DIRECTIONS: Below are records to be output exactly, every one of them.

STUDY MATERIAL:
★ ★ ★ ★ ★
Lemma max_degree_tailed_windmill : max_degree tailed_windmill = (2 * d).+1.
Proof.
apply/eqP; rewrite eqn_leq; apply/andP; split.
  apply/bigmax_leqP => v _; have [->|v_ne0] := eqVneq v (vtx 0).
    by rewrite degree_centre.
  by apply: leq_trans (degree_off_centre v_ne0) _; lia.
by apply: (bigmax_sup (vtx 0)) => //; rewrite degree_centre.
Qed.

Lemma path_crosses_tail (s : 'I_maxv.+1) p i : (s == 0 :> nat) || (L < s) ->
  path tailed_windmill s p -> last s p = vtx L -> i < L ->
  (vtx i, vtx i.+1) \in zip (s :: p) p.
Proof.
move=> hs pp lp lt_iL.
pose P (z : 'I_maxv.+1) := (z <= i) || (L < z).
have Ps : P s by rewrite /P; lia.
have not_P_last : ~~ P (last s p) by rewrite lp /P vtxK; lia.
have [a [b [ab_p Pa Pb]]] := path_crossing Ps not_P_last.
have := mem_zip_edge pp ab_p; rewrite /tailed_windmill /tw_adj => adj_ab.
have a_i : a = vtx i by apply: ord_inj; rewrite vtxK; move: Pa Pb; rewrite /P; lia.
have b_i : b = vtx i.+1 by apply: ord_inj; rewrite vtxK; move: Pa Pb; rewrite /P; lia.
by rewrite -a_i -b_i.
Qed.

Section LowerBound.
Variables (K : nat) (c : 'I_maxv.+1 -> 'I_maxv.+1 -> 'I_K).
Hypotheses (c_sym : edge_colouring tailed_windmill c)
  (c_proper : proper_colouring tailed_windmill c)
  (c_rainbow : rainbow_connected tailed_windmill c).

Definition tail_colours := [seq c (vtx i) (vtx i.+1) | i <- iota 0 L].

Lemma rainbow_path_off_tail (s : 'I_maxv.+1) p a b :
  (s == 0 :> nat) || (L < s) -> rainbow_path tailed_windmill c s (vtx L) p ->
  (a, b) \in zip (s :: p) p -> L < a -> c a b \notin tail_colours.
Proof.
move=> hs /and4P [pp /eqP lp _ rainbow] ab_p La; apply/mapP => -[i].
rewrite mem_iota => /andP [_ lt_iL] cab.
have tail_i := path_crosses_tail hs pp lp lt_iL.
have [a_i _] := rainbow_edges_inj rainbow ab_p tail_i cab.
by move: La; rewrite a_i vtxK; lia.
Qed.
★ ★ ★ ★ ★
EXERCISE RESULT:
Lemma max_degree_tailed_windmill : max_degree tailed_windmill = (2 * d).+1.
Proof.
apply/eqP; rewrite eqn_leq; apply/andP; split.
  apply/bigmax_leqP => v _; have [->|v_ne0] := eqVneq v (vtx 0).
    by rewrite degree_centre.
  by apply: leq_trans (degree_off_centre v_ne0) _; lia.
by apply: (bigmax_sup (vtx 0)) => //; rewrite degree_centre.
Qed.

Lemma path_crosses_tail (s : 'I_maxv.+1) p i : (s == 0 :> nat) || (L < s) ->
  path tailed_windmill s p -> last s p = vtx L -> i < L ->
  (vtx i, vtx i.+1) \in zip (s :: p) p.
Proof.
move=> hs pp lp lt_iL.
pose P (z : 'I_maxv.+1) := (z <= i) || (L < z).
have Ps : P s by rewrite /P; lia.
have not_P_last : ~~ P (last s p) by rewrite lp /P vtxK; lia.
have [a [b [ab_p Pa Pb]]] := path_crossing Ps not_P_last.
have := mem_zip_edge pp ab_p; rewrite /tailed_windmill /tw_adj => adj_ab.
have a_i : a = vtx i by apply: ord_inj; rewrite vtxK; move: Pa Pb; rewrite /P; lia.
have b_i : b = vtx i.+1 by apply: ord_inj; rewrite vtxK; move: Pa Pb; rewrite /P; lia.
by rewrite -a_i -b_i.
Qed.

Section LowerBound.
Variables (K : nat) (c : 'I_maxv.+1 -> 'I_maxv.+1 -> 'I_K).
Hypotheses (c_sym : edge_colouring tailed_windmill c)
  (c_proper : proper_colouring tailed_windmill c)
  (c_rainbow : rainbow_connected tailed_windmill c).

Definition tail_colours := [seq c (vtx i) (vtx i.+1) | i <- iota 0 L].

Lemma rainbow_path_off_tail (s : 'I_maxv.+1) p a b :
  (s == 0 :> nat) || (L < s) -> rainbow_path tailed_windmill c s (vtx L) p ->
  (a, b) \in zip (s :: p) p -> L < a -> c a b \notin tail_colours.
Proof.
move=> hs /and4P [pp /eqP lp _ rainbow] ab_p La; apply/mapP => -[i].
rewrite mem_iota => /andP [_ lt_iL] cab.
have tail_i := path_crosses_tail hs pp lp lt_iL.
have [a_i _] := rainbow_edges_inj rainbow ab_p tail_i cab.
by move: La; rewrite a_i vtxK; lia.
Qed.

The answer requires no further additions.